* THE PROBLEM *
Look through the data below for the line with "- apply cconv_map; auto." and the line with "Lemma cconv_app M", then output those two and all lines in between, exactly as written.

Stored data entries:
+++
(* Let $\mathbf{L}'=(L;\vee,\wedge,{}',0,1)$ be an ortholattice with lattice reduct $\mathbf{L}$ and dual $\mathcal{D}(\mathbf{L}')=(P_{\mathbf{L}},E,\mathscr{T}_{\mathbf{L}},g)$. For $a\in L$ let $e_a$ be the partial map on $P_{\mathbf{L}}$ with $e_a(f)=f(a)$ if $a\in\mathrm{dom}f$ and undefined otherwise. Then $a\mapsto e_a$ is an ortholattice isomorphism from $\mathbf{L}'$ onto $\mathcal{E}(\mathcal{D}(\mathbf{L}'))=(\mathrm{MPM}(\mathcal{D}(\mathbf{L}')),\wedge,\vee,\varphi_0,\varphi_1,\neg)$; in particular $e_{a'}=\neg e_a$ for all $a\in L$, and $\mathbf{L}'\cong\mathcal{E}(\mathcal{D}(\mathbf{L}'))$.
   Context: An ortholattice is a bounded lattice with an operation $'$ satisfying $a''=a$, $a\wedge a'=0$, $a\vee a'=1$ and the De Morgan laws. A partial homomorphism $\mathbf{L}\to\mathbf{2}$ is a partial map $f:L\to\{0,1\}$ whose domain is a $(0,1)$-sublattice and whose restriction is a $(0,1)$-homomorphism; an MPH is one with no proper extension; $P_{\mathbf{L}}$ is the set of MPHs. $(f,h)\in E$ iff $f(a)\le h(a)$ for all $a\in\mathrm{dom}f\cap\mathrm{dom}h$. $\mathscr{T}_{\mathbf{L}}$ has subbasis of closed sets $V_a=\{f: f(a)=0\}$, $W_a=\{f: f(a)=1\}$. $g(f)(a)=0$ if $f(a')=1$, $g(f)(a)=1$ if $f(a')=0$, undefined otherwise. A partial morphism from $(X,E,\mathscr{T})$ to $\underset{\sim}{2}_{\mathscr{T}}$ ($\{0,1\}$ with $\le$ and discrete topology) is a partial map $\varphi:X\to\{0,1\}$ with closed domain, with $\varphi(x)\le\varphi(y)$ whenever $x,y\in\mathrm{dom}\varphi$, $(x,y)\in E$, continuous on its domain; an MPM is one with no proper extension; $\mathrm{MPM}(\cdot)$ denotes the set of MPMs, ordered by $\varphi\le\psi$ iff $\varphi^{-1}(1)\subseteq\psi^{-1}(1)$, which makes it a bounded lattice with meet $\wedge$, join $\vee$, bounds $\varphi_0,\varphi_1$. For an MPM $\varphi$ of $(X,E,\mathscr{T},g)$, $\neg\varphi$ is the partial map with $(\neg\varphi)(x)=1$ if $\varphi(g(x))=0$, $(\neg\varphi)(x)=0$ if $\varphi(g(x))=1$, undefined otherwise. *)

From HB Require Import structures.
From mathcomp Require Import all_boot all_order.
Set Implicit Arguments. Unset Strict Implicit. Unset Printing Implicit Defensive.
Import Order.LTheory.
Local Open Scope order_scope.
Lemma cclosed_csubst t : forall n m s, cclosed n t ->
  (forall k, k < n -> cclosed m (s k)) -> cclosed m (csubst s t).
Proof.
  induction t; simpl; intros n' m s Hc H; intuition eauto;
    eapply IHt2; try eassumption; intros [|k] Hk; simpl; try lia;
    apply (cclosed_cren _ m); intros; try apply H; lia.
Qed.

Lemma cinst_sub_map f Ms k :
  k < length Ms -> cinst_sub (map f Ms) k = f (cinst_sub Ms k).
Proof.
  intros H. unfold cinst_sub. rewrite <- map_rev, length_map.
  rewrite nth_indep with (d' := f (CVar (k - length Ms))) by (rewrite length_map, length_rev; auto).
  apply map_nth.
Qed.

Lemma cren_cinst_sub f Ns t : cclosed (length Ns) t ->
  cren f (csubst (cinst_sub Ns) t) = csubst (cinst_sub (map (cren f) Ns)) t.
Proof.
  intros Ht. rewrite cren_csubst. apply (csubst_ext_closed _ _ _ _ Ht).
  intros k Hk. rewrite cinst_sub_map; auto.
Qed.

Lemma csubst_cinst_sub s Ns t : cclosed (length Ns) t ->
  csubst s (csubst (cinst_sub Ns) t) = csubst (cinst_sub (map (csubst s) Ns)) t.
Proof.
  intros Ht. rewrite csubst_csubst. apply (csubst_ext_closed _ _ _ _ Ht).
  intros k Hk. rewrite cinst_sub_map; auto.
Qed.

Lemma cinst_sub_snoc Ms N n :
  csubst1 N (cup (cinst_sub Ms) n) = cinst_sub (Ms ++ [N]) n.
Proof.
  unfold csubst1, cinst_sub. rewrite rev_unit, length_app. destruct n as [|n]; simpl; auto.
  rewrite csubst_cren, csubst_var, Nat.add_1_r by reflexivity. reflexivity.
Qed.

Lemma cinst_sub_firstn l k j : k <= length l -> j < k ->
  cinst_sub (firstn k l) j = cinst_sub l (length l - k + j).
Proof.
  intros Hk Hj. unfold cinst_sub.
  assert (Lk : length (firstn k l) = k) by (rewrite length_firstn; lia).
  rewrite !rev_nth by lia. rewrite Lk, nth_firstn.
  replace (Nat.ltb (k - S j) k) with true by (symmetry; apply Nat.ltb_lt; lia).
  replace (length l - S (length l - k + j)) with (k - S j) by lia.
  apply nth_indep. lia.
Qed.

(** * Beta-eta conversion *)

Lemma cstep_cren t u : cstep t u -> forall f, cstep (cren f t) (cren f u).
Proof.
  induction 1; intros f; simpl; try (constructor; auto; fail).
  - rewrite cren_csubst1. constructor.
  - replace (cren (uprn f) (cren S M)) with (cren S (cren f M)) by (rewrite !cren_cren; reflexivity).
    constructor.
Qed.

Lemma cstep_csubst t u : cstep t u -> forall s, cstep (csubst s t) (csubst s u).
Proof.
  induction 1; intros s; simpl; try (constructor; auto; fail).
  - rewrite csubst_csubst1. constructor.
  - replace (csubst (cup s) (cren S M)) with (cren S (csubst s M))
      by (rewrite csubst_cren, cren_csubst; reflexivity).
    constructor.
Qed.

Lemma cconv_refl a : cconv a a.
Proof. apply rst_refl. Qed.

Lemma cconv_sym a b : cconv a b -> cconv b a.
Proof. apply rst_sym. Qed.

Lemma cconv_trans a b c : cconv a b -> cconv b c -> cconv a c.
Proof. apply rst_trans. Qed.

Lemma cstep_cconv a b : cstep a b -> cconv a b.
Proof. apply rst_step. Qed.

#[local] Hint Resolve cconv_refl cconv_sym cstep_cconv : core.

Lemma cconv_map (g : cterm -> cterm) :
  (forall a b, cstep a b -> cstep (g a) (g b)) ->
  forall a b, cconv a b -> cconv (g a) (g b).
Proof. intros Hg a b C. induction C; eauto using cconv_trans. Qed.

Lemma cconv_map2 (g : cterm -> cterm -> cterm) :
  (forall a a' b, cstep a a' -> cstep (g a b) (g a' b)) ->
  (forall a b b', cstep b b' -> cstep (g a b) (g a b')) ->
  forall a a' b b', cconv a a' -> cconv b b' -> cconv (g a b) (g a' b').
Proof.
  intros Hl Hr a a' b b' Ca Cb. apply cconv_trans with (g a' b).
  - apply (cconv_map (fun x => g x b)); auto.
  - apply cconv_map; auto.
Qed.

Lemma cconv_pi A A' B B' : cconv A A' -> cconv B B' -> cconv (CPi A B) (CPi A' B').
Proof. exact (cconv_map2 CPi (cstep_pil) (cstep_pir) A A' B B'). Qed.

Lemma cconv_app M M' N N' : cconv M M' -> cconv N N' -> cconv (CApp M N) (CApp M' N').
Proof. exact (cconv_map2 CApp (cstep_appl) (cstep_appr) M M' N N'). Qed.

Lemma cconv_lam A A' M M' : cconv A A' -> cconv M M' -> cconv (CLam A M) (CLam A' M').
Proof. exact (cconv_map2 CLam (cstep_laml) (cstep_lamr) A A' M M'). Qed.

Lemma cconv_cren f a b : cconv a b -> cconv (cren f a) (cren f b).
Proof. apply cconv_map. auto using cstep_cren. Qed.

Lemma cconv_csubst s a b : cconv a b -> cconv (csubst s a) (csubst s b).
Proof. apply cconv_map. auto using cstep_csubst. Qed.

Lemma cconv_csubst_pointwise t : forall s r, (forall n, cconv (s n) (r n)) ->
  cconv (csubst s t) (csubst r t).
Proof.
  induction t; simpl; intros s r H; auto using cconv_pi, cconv_app, cconv_lam;
    [apply cconv_pi | apply cconv_lam]; auto;
    apply IHt2; intros [|n]; simpl; auto using cconv_cren.
Qed.

Lemma Forall2_refl {X} (R : X -> X -> Prop) : (forall x, R x x) -> forall l, Forall2 R l l.
Proof. intros HR l. induction l; auto. Qed.

Lemma Forall2_rev {X Y} (R : X -> Y -> Prop) l1 l2 :
  Forall2 R l1 l2 -> Forall2 R (rev l1) (rev l2).
Proof. induction 1; simpl; auto using Forall2_app. Qed.

Lemma Forall2_nth {X Y} (R : X -> Y -> Prop) l1 l2 d1 d2 n :
  Forall2 R l1 l2 -> R d1 d2 -> R (nth n l1 d1) (nth n l2 d2).
Proof. intros H. revert n. induction H; intros [|n] Hd; simpl; auto. Qed.

Lemma cinst_sub_cconv l1 l2 : Forall2 cconv l1 l2 ->
  forall n, cconv (cinst_sub l1 n) (cinst_sub l2 n).
Proof.
  intros H n. unfold cinst_sub. rewrite (Forall2_length H).
  apply Forall2_nth; auto using Forall2_rev.
Qed.

(** * Typing metatheory of CC *)

(* CC typing in which the domain of a lambda is typed explicitly.  Renaming
   and substitution under a lambda extend the target context by the image of
   its domain and so need that typing; [ctyping'_complete] recovers it from
   the well-formedness of the body's context. *)
Inductive cwf' : cctx -> Prop :=
| cwf'_empty : cwf' []
| cwf'_ext : forall G A i, cwf' G -> ctyping' G A (CUniv i) -> cwf' (A :: G)
with ctyping' : cctx -> cterm -> cterm -> Prop :=
| cty'_var : forall G n A,
    cwf' G -> nth_error G n = Some A ->
    ctyping' G (CVar n) (cren (fun k => S n + k) A)
| cty'_univ : forall G i, cwf' G -> ctyping' G (CUniv i) (CUniv (S i))
| cty'_pi : forall G A B i j,
    ctyping' G A (CUniv i) -> ctyping' (A :: G) B (CUniv j) ->
    ctyping' G (CPi A B) (CUniv (Nat.max i j))
| cty'_app : forall G M N A B,
    ctyping' G M (CPi A B) -> ctyping' G N A ->
    ctyping' G (CApp M N) (csubst1 N B)
| cty'_lam : forall G A M B i,
    ctyping' G A (CUniv i) ->
    ctyping' (A :: G) M B -> ctyping' G (CLam A M) (CPi A B)
| cty'_conv : forall G M A B i,
    ctyping' G M A -> cconv A B -> ctyping' G B (CUniv i) ->
    ctyping' G M B.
+++
* EXPECTED ANSWER *
  - apply cconv_map; auto.
Qed.

Lemma cconv_pi A A' B B' : cconv A A' -> cconv B B' -> cconv (CPi A B) (CPi A' B').
Proof. exact (cconv_map2 CPi (cstep_pil) (cstep_pir) A A' B B'). Qed.

Lemma cconv_app M M' N N' : cconv M M' -> cconv N N' -> cconv (CApp M N) (CApp M' N').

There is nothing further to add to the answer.